*Dataset entries*:

____

Lemma swap_fresh m (Z : seq nat) :
  j \notin Z -> m \in Z -> m != i -> swap i j m = m.
Proof. by move=> Hj Hm ni; apply: swap_id ni _; apply: contraNneq Hj => <-. Qed.

Lemma in_fragment_rename_ex : j \notin X ->
  in_fragment L k.+1 X Y (Fex i g) -> in_fragment L k (j :: X) Y (rename (swap i j) id g).
Proof.
move=> Hj /and4P [Hl Hq HX HY]; apply/and4P; split.
- by case: L Hl => //=; rewrite is_FO_rename.
- by rewrite qr_rename.
- rewrite fv_rename; last exact: swap_inj.
  apply/allP => _ /mapP [m Hm ->].
  have [->|ne] := eqVneq m i; first by rewrite swap_l; exact: mem_head.
  have HmX : m \in X by apply: (allP HX); rewrite /= mem_filter ne.
  by rewrite (swap_fresh Hj HmX ne) in_cons HmX orbT.
- by rewrite fsv_rename ?map_id.
Qed.

Lemma in_fragment_rename_exS : j \notin Y ->
  in_fragment L k.+1 X Y (FexS i g) -> in_fragment L k X (j :: Y) (rename id (swap i j) g).
Proof.
move=> Hj /and4P [Hl Hq HX HY]; apply/and4P; split.
- by case: L Hl.
- by rewrite qr_rename.
- by rewrite fv_rename ?map_id.
- rewrite fsv_rename; last exact: swap_inj.
  apply/allP => _ /mapP [m Hm ->].
  have [->|ne] := eqVneq m i; first by rewrite swap_l; exact: mem_head.
  have HmY : m \in Y by apply: (allP HY); rewrite /= mem_filter ne.
  by rewrite (swap_fresh Hj HmY ne) in_cons HmY orbT.
Qed.

Lemma in_fragment_ex : in_fragment L k (i :: X) Y g -> in_fragment L k.+1 X Y (Fex i g).
Proof.
case/and4P => Hl Hq HX HY; apply/and4P; split=> //=.
apply/allP => m; rewrite /= mem_filter => /andP [ne /(allP HX)].
by rewrite /= in_cons (negPf ne).
Qed.

Lemma in_fragment_exS : L = MSO ->
  in_fragment L k X (i :: Y) g -> in_fragment L k.+1 X Y (FexS i g).
Proof.
move=> -> /and4P [_ Hq HX HY]; apply/and4P; split=> //=.
apply/allP => m; rewrite /= mem_filter => /andP [ne /(allP HY)].
by rewrite /= in_cons (negPf ne).
Qed.

Lemma equiv_ex_rename : j \notin X -> all (fun m => m \in X) (fv (Fex i g)) ->
  equiv_formula (Fex i g) (Fex j (rename (swap i j) id g)).
Proof.
move=> Hj HX T M e s.
have Hfix : {in fv (Fex i g), swap i j =1 id}.
  move=> m Hm; have HmX := allP HX m Hm.
  by move: Hm; rewrite /= mem_filter => /andP [ne _]; exact: swap_fresh Hj HmX ne.
have := rename_equiv (@swap_inj i j) (@inj_id nat) Hfix (fun _ _ => erefl) M e s.
by rewrite /= swap_l => H; exact: iff_sym H.
Qed.
(* The orthogonal projection Q onto the range of B: Q = B Z, Q = Q^dag = Q^2,
   Q B = B.  Built from the spectral decomposition of B B^dag. *)
Lemma range_projection n p (B : 'M[C]_(n, p)) :
  exists (Q : 'M[C]_n) (Z : 'M[C]_(p, n)),
    [/\ Q = B *m Z, dag Q = Q, Q *m Q = Q & Q *m B = B].
Proof.
have [M [d [U1 U2 E]]] : exists (M : 'M[C]_n) (d : 'rV[C]_n),
    [/\ M *m dag M = 1%:M, dag M *m M = 1%:M & B *m dag B = dag M *m diag_mx d *m M].
  by apply: herm_spec; rewrite dag_mul dagK.
pose e := \row_i ((d 0 i != 0)%:R : C).
pose di := \row_i (d 0 i)^-1.
have conj_diag (a b : 'rV[C]_n) : (dag M *m diag_mx a *m M) *m (dag M *m diag_mx b *m M)
    = dag M *m diag_mx (\row_j (a 0 j * b 0 j)) *m M.
  by rewrite !mulmxA -(mulmxA _ M (dag M)) U1 mulmx1 -(mulmxA _ (diag_mx a)) mulmx_diag.
pose Q := dag M *m diag_mx e *m M.
have QH : dag Q = Q.
  rewrite /Q !dag_mul dagK dag_diag mulmxA; congr (_ *m _ *m _).
  by congr diag_mx; apply/rowP=> j; rewrite !mxE rmorph_nat.
exists Q, (dag B *m (dag M *m diag_mx di *m M)); split => //.
- rewrite mulmxA E conj_diag /Q; congr (_ *m diag_mx _ *m _); apply/rowP=> j.
  by rewrite !mxE; case: eqP => [->|/eqP nz]; rewrite ?mul0r ?mulfV.
- rewrite /Q conj_diag; congr (_ *m diag_mx _ *m _); apply/rowP=> j.
  by rewrite !mxE; case: (d 0 j != 0); rewrite ?mulr1 ?mulr0.
have QG : Q *m (B *m dag B) = B *m dag B.
  rewrite E conj_diag; congr (_ *m diag_mx _ *m _); apply/rowP=> j.
  by rewrite !mxE; case: eqP => [->|]; rewrite ?mulr0 ?mul1r.
have R0 : (1%:M - Q) *m B = 0.
  apply: gram_eq0; rewrite dag_mul mulmxA -(mulmxA _ B) [_ *m (B *m _)]mulmxBl.
  by rewrite mul1mx QG subrr mul0mx.
by apply/eqP; rewrite eq_sym -subr_eq0 -[X in X - _]mul1mx -mulmxBl R0.
Qed.
Lemma orbit_deriv z : derivable_pt_lim orbit z (orbit_speed z).
Proof.
  destruct (Req_dec z 0) as [->|Hz]; [|apply orbit_deriv_nonzero, Hz].
  apply derivable_pt_lim_of_continuous_derivative;
    [apply orbit_continuous|apply orbit_deriv_nonzero|apply orbit_speed_continuous].
Qed.

Lemma orbit_speed_deriv z : derivable_pt_lim orbit_speed z (F (orbit z)).
Proof.
  destruct (Req_dec z 0) as [->|Hz]; [|apply orbit_speed_deriv_nonzero, Hz].
  apply (derivable_pt_lim_of_continuous_derivative orbit_speed (fun y => F (orbit y)));
    [apply orbit_speed_continuous|apply orbit_speed_deriv_nonzero|].
  apply (continuity_pt_comp orbit F); [apply orbit_continuous|rewrite orbit_0; exact hF_cont].
Qed.

Lemma orbit_tends_to_b : lim_at_infinity orbit b.
Proof.
  intros eps Heps. set (e := Rmin eps ((b - a) / 2)).
  assert (He : 0 < e) by (unfold e; apply Rmin_pos; lra).
  assert (e <= eps) by apply Rmin_l. assert (e <= (b - a) / 2) by apply Rmin_r.
  assert (Hpos := elapsed_pos (b - e) ltac:(lra)).
  exists (elapsed (b - e)). intros z Hz.
  destruct (orbit_gt z ltac:(intros ->; rewrite Rabs_R0 in Hz; lra)) as [_ Hb].
  assert (Hlt : position (elapsed (b - e)) < orbit z) by (apply position_lt; assumption).
  rewrite position_elapsed in Hlt by lra. rewrite Rabs_left; lra.
Qed.

End Orbit.

Theorem homoclinic_orbit : exists u v : R -> R,
  (forall z, derivable_pt_lim u z (v z)) /\
  (forall z, derivable_pt_lim v z (F (u z))) /\
  (forall z, a <= u z < b) /\ u 0 = a /\ (forall z, z <> 0 -> a < u z) /\
  lim_at_infinity u b.
Proof.
  destruct transit_time_infimum as [L [HL1 HL2]].
  exists (orbit L), (orbit_speed L).
  split; [intros z; eapply orbit_deriv; eassumption|].
  split; [intros z; eapply orbit_speed_deriv; eassumption|].
  split; [intros z; eapply orbit_range; eassumption|].
  split; [apply orbit_0|].
  split; [intros z Hz; destruct (orbit_gt L HL2 z Hz); lra|].
  eapply orbit_tends_to_b; eassumption.
Qed.

End Homoclinic.

Section TravelingWave.
Variables beta nu kappa gamma e s : R.
Hypothesis hbeta : 0 < beta.
Hypothesis hnu : -1 < nu.
Hypothesis hkappa : 0 < kappa.
Hypothesis hgamma : gamma = beta / (nu + 2).
Hypothesis heta : 0 < e.
Hypothesis hs_lo : beta * (nu + 1) / (2 * (nu + 2) * Rpower e (nu + 3)) < s ^ 2.
Hypothesis hs_hi : s ^ 2 < beta / Rpower e (nu + 3).

(* [eta = u ^ (- p_nu)]; the profile equation is [u'' = force u], with first
   integral [u' ^ 2 = potential u]. *)
Definition p_nu := / (nu + 2).
Definition q_nu := 1 - p_nu.
Definition u_inf := Rpower e (- (nu + 2)).
Definition force (u : R) := (gamma * (u - u_inf) + s ^ 2 * (Rpower u (- p_nu) - e)) / kappa.
Definition force' (u : R) := (gamma - s ^ 2 * p_nu * Rpower u (- p_nu - 1)) / kappa.
Definition potential (u : R) := 2 / kappa * (gamma * (u - u_inf) ^ 2 / 2 +
   s ^ 2 * ((Rpower u q_nu - Rpower u_inf q_nu) / q_nu - e * (u - u_inf))).

Lemma p_nu_bounds : 0 < p_nu < 1.
Proof.
  unfold p_nu. split; [apply Rinv_0_lt_compat; lra|].
  rewrite <- Rinv_1. apply Rinv_lt_contravar; lra.
Qed.

Lemma q_nu_pos : 0 < q_nu.
Proof. unfold q_nu; generalize p_nu_bounds; lra. Qed.

Lemma s2_pos : 0 < s ^ 2.
Proof.
  apply Rlt_trans with (2 := hs_lo). apply Rdiv_lt_0_compat; [nra|].
  assert (0 < Rpower e (nu + 3)) by apply Rpower_pos. nra.
Qed.

Lemma s_neq_0 : s <> 0.
Proof. intros Hs. assert (H := s2_pos). rewrite Hs in H. simpl in H; lra. Qed.

Lemma u_inf_pos : 0 < u_inf.
Proof. apply Rpower_pos. Qed.

Lemma gamma_eq : gamma = beta * p_nu.
Proof. rewrite hgamma; unfold p_nu; field; lra. Qed.

Lemma Rpower_u_inf_neg_p_nu : Rpower u_inf (- p_nu) = e.
Proof.
  unfold u_inf; rewrite Rpower_mult.
  replace (- (nu + 2) * - p_nu) with 1 by (unfold p_nu; field; lra). apply Rpower_1, heta.
Qed.

Lemma Rpower_neg_p_nu_inv u : 0 < u -> Rpower (Rpower u (- p_nu)) (- (nu + 2)) = u.
Proof.
  intros Hu; rewrite Rpower_mult.
  replace (- p_nu * - (nu + 2)) with 1 by (unfold p_nu; field; lra). apply Rpower_1, Hu.
Qed.

Lemma force_u_inf : force u_inf = 0.
Proof. unfold force; rewrite Rpower_u_inf_neg_p_nu. unfold Rdiv; ring. Qed.

Lemma potential_u_inf : potential u_inf = 0.
Proof. unfold potential. rewrite !Rminus_eq_0. assert (H := q_nu_pos). field. lra. Qed.

(* The upper bound on [s ^ 2] makes [u_inf] a saddle point. *)
Lemma force'_u_inf_pos : 0 < force' u_inf.
Proof.
  unfold force', u_inf. rewrite Rpower_mult, gamma_eq.
  replace (- (nu + 2) * (- p_nu - 1)) with (nu + 3) by (unfold p_nu; field; lra).
  apply Rdiv_lt_0_compat; [|exact hkappa].
  assert (HA : 0 < Rpower e (nu + 3)) by apply Rpower_pos.
  assert (Hp := p_nu_bounds).
  assert (s ^ 2 * Rpower e (nu + 3) < beta).
  { apply Rmult_lt_compat_r with (r := Rpower e (nu + 3)) in hs_hi; [|exact HA].
    unfold Rdiv in hs_hi. rewrite Rmult_assoc, Rinv_l in hs_hi by lra. lra. }
  nra.
Qed.

Lemma force'_lt x y : 0 < x < y -> force' x < force' y.
Proof.
  intros Hxy. unfold force', Rdiv. apply Rmult_lt_compat_r; [apply Rinv_0_lt_compat, hkappa|].
  assert (Rpower y (- p_nu - 1) < Rpower x (- p_nu - 1))
    by (apply Rpower_lt_neg; [generalize p_nu_bounds; lra|exact Hxy]).
  assert (0 < s ^ 2 * p_nu) by (generalize s2_pos p_nu_bounds; intros; nra). nra.
Qed.

Lemma force_deriv u : 0 < u -> derivable_pt_lim force u (force' u).
Proof.
  intros Hu. pose proof (derivable_pt_lim_power u (- p_nu) Hu).
  unfold force, force'. auto_derive_from_hyps. field; lra.
Qed.

Lemma force'_continuous u : 0 < u -> continuity_pt force' u.
Proof.
  intros Hu.
  apply (derivable_pt_lim_continuity_pt _ _
    (s ^ 2 * p_nu * (p_nu + 1) * Rpower u (- p_nu - 2) / kappa)).
  pose proof (derivable_pt_lim_power u (- p_nu - 1) Hu).
  unfold force'. auto_derive_from_hyps.
  replace (- p_nu - 1 - 1) with (- p_nu - 2) by ring. field; lra.
Qed.

Lemma potential_deriv u : 0 < u -> derivable_pt_lim potential u (2 * force u).
Proof.
  intros Hu. assert (Hq := q_nu_pos). pose proof (derivable_pt_lim_power u q_nu Hu).
  unfold potential, force. auto_derive_from_hyps.
  replace (q_nu - 1) with (- p_nu) by (unfold q_nu; ring). field; lra.
Qed.

Lemma e_mul_u_inf : e * u_inf = Rpower u_inf q_nu.
Proof.
  unfold u_inf, q_nu, p_nu. rewrite Rpower_mult.
  rewrite <- (Rpower_1 e) at 1 by exact heta. rewrite <- Rpower_plus.
  f_equal. field; lra.
Qed.

(* The lower bound on [s ^ 2] makes the potential negative near [u = 0]. *)
Lemma potential_gap : gamma * u_inf ^ 2 / 2 < s ^ 2 * Rpower u_inf q_nu * (1 / q_nu - 1).
Proof.
  set (A := Rpower e (nu + 3)).
  assert (HA : 0 < A) by apply Rpower_pos.
  assert (HU := u_inf_pos).
  assert (HUq : Rpower u_inf q_nu = u_inf ^ 2 * A).
  { unfold A, u_inf, q_nu, p_nu. simpl. rewrite Rmult_1_r, Rpower_mult, <- !Rpower_plus.
    f_equal. field; lra. }
  assert (Hq : 1 / q_nu - 1 = / (nu + 1)) by (unfold q_nu, p_nu; field; lra).
  rewrite HUq, Hq.
  assert (Hlo : beta * (nu + 1) < s ^ 2 * (2 * (nu + 2) * A)).
  { apply Rmult_lt_compat_r with (r := 2 * (nu + 2) * A) in hs_lo; [|nra].
    unfold Rdiv in hs_lo. rewrite Rmult_assoc, Rinv_l in hs_lo by nra. lra. }
  assert (HU2 : 0 < u_inf ^ 2) by (apply pow_lt, HU).
  apply (Rmult_lt_reg_r (2 * (nu + 1) * (nu + 2) / u_inf ^ 2)).
  { apply Rdiv_lt_0_compat; nra. }
  rewrite hgamma. field_simplify; [|lra|lra].
  nra.
Qed.

Lemma potential_neg_somewhere : exists x, 0 < x < u_inf /\ potential x < 0.
Proof.
  set (N := s ^ 2 * Rpower u_inf q_nu * (1 / q_nu - 1) - gamma * u_inf ^ 2 / 2).
  assert (HN : 0 < N) by (unfold N; generalize potential_gap; lra).
  assert (Hq := q_nu_pos). assert (Hp := p_nu_bounds).
  assert (Hs := s2_pos). assert (HU := u_inf_pos).
  assert (Hg : 0 < gamma) by (rewrite gamma_eq; nra).
  set (C := gamma / 2 + s ^ 2 / q_nu).
  assert (0 < s ^ 2 / q_nu) by (apply Rdiv_lt_0_compat; lra).
  assert (HC : 0 < C) by (unfold C; lra).
  set (d := Rmin 1 (Rmin (u_inf / 2) (N / (2 * C)))).
  assert (Hd0 : 0 < d) by (unfold d; repeat apply Rmin_pos; try lra; apply Rdiv_lt_0_compat; lra).
  assert (Hd1 : d <= 1) by apply Rmin_l.
  assert (Hd2 : d <= u_inf / 2) by (eapply Rle_trans; [apply Rmin_r|apply Rmin_l]).
  assert (Hd3 : d <= N / (2 * C)) by (eapply Rle_trans; [apply Rmin_r|apply Rmin_r]).
  set (x := Rpower d (1 / q_nu)).
  assert (Hx0 : 0 < x) by apply Rpower_pos.
  assert (Hxq : Rpower x q_nu = d).
  { unfold x; rewrite Rpower_mult. replace (1 / q_nu * q_nu) with 1 by (field; lra).
    apply Rpower_1, Hd0. }
  assert (Hxd : x <= d).
  { assert (q_nu < 1) by (unfold q_nu; lra).
    apply Rpower_le_base; [lra|]. apply (Rmult_le_reg_r q_nu); [lra|]. field_simplify; lra. }
  exists x; split; [lra|].
  assert (Hexpand : kappa / 2 * potential x
          = gamma * x ^ 2 / 2 - gamma * x * u_inf - s ^ 2 * e * x + s ^ 2 * d / q_nu - N).
  { unfold potential, N. rewrite Hxq, <- e_mul_u_inf. field. lra. }
  assert (gamma * x ^ 2 / 2 <= gamma * d / 2) by (assert (x ^ 2 <= d) by nra; nra).
  assert (0 <= gamma * x * u_inf) by (apply Rmult_le_pos; nra).
  assert (0 <= s ^ 2 * e * x) by (apply Rmult_le_pos; nra).
  assert (d * C <= N / 2).
  { apply Rmult_le_compat_r with (r := C) in Hd3; [|lra].
    replace (N / (2 * C) * C) with (N / 2) in Hd3 by (field; lra). lra. }
  assert (s ^ 2 * d / q_nu = d * (s ^ 2 / q_nu)) by (field; lra).
  assert (kappa / 2 * potential x < 0) by (unfold C in *; nra).
  assert (0 < kappa / 2) by lra. nra.
Qed.

Lemma potential_continuous u : 0 < u -> continuity_pt potential u.
Proof. intros Hu; exact (derivable_pt_lim_continuity_pt _ _ _ (potential_deriv u Hu)). Qed.

Lemma potential_pos_near_u_inf :
  exists c, 0 < c < u_inf /\ forall x, c <= x < u_inf -> 0 < potential x.
Proof.
  assert (HU := u_inf_pos). assert (H1 := force'_u_inf_pos).
  destruct (proj1 (continuity_pt_ball _ _) (force'_continuous u_inf HU) (force' u_inf / 2))
    as [d [Hd Hnear]]; [lra|].
  set (c := u_inf - Rmin (d / 2) (u_inf / 2)).
  assert (0 < Rmin (d / 2) (u_inf / 2)) by (apply Rmin_pos; lra).
  assert (Rmin (d / 2) (u_inf / 2) <= d / 2) by apply Rmin_l.
  assert (Rmin (d / 2) (u_inf / 2) <= u_inf / 2) by apply Rmin_r.
  assert (Hc : 0 < force' c).
  { specialize (Hnear c ltac:(unfold c; rewrite Rabs_left; lra)).
    apply Rabs_def2 in Hnear. lra. }
  exists c; split; [unfold c; lra|]. intros x Hx.
  rewrite <- potential_u_inf. apply (derive_neg_lt potential (fun y => 2 * force y)); [| lra |].
  - intros y Hy; apply potential_deriv; unfold c in *; lra.
  - intros y Hy. enough (force y < force u_inf) by (rewrite force_u_inf in *; lra).
    apply (derive_pos_lt force force'); [intros; apply force_deriv; unfold c in *; lra|lra|].
    intros t Ht. apply Rlt_trans with (1 := Hc), force'_lt; unfold c in *; lra.
Qed.

Lemma turning_point :
  exists ut, 0 < ut < u_inf /\ potential ut = 0 /\ forall x, ut < x < u_inf -> 0 < potential x.
Proof.
  destruct potential_neg_somewhere as [x0 [Hx0 Hneg]].
  destruct (last_zero potential x0 u_inf) as [ut [Hut [Hzero Hpos]]];
    [lra | intros y Hy; apply potential_continuous; lra | exact Hneg | |].
  - destruct potential_pos_near_u_inf as [c [Hc Hpos]].
    exists (Rmax c ((x0 + u_inf) / 2)).
    assert (c <= Rmax c ((x0 + u_inf) / 2)) by apply Rmax_l.
    assert ((x0 + u_inf) / 2 <= Rmax c ((x0 + u_inf) / 2)) by apply Rmax_r.
    assert (Rmax c ((x0 + u_inf) / 2) < u_inf) by (apply Rmax_lub_lt; lra).
    split; [lra|]. intros x Hx; apply Hpos; lra.
  - exists ut; repeat split; auto; lra.
Qed.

____

*Instructions for the task*: Go through the entries and return each line where the word "Hfix" occurs.

*Reply*:
have Hfix : {in fv (Fex i g), swap i j =1 id}.
have := rename_equiv (@swap_inj i j) (@inj_id nat) Hfix (fun _ _ => erefl) M e s.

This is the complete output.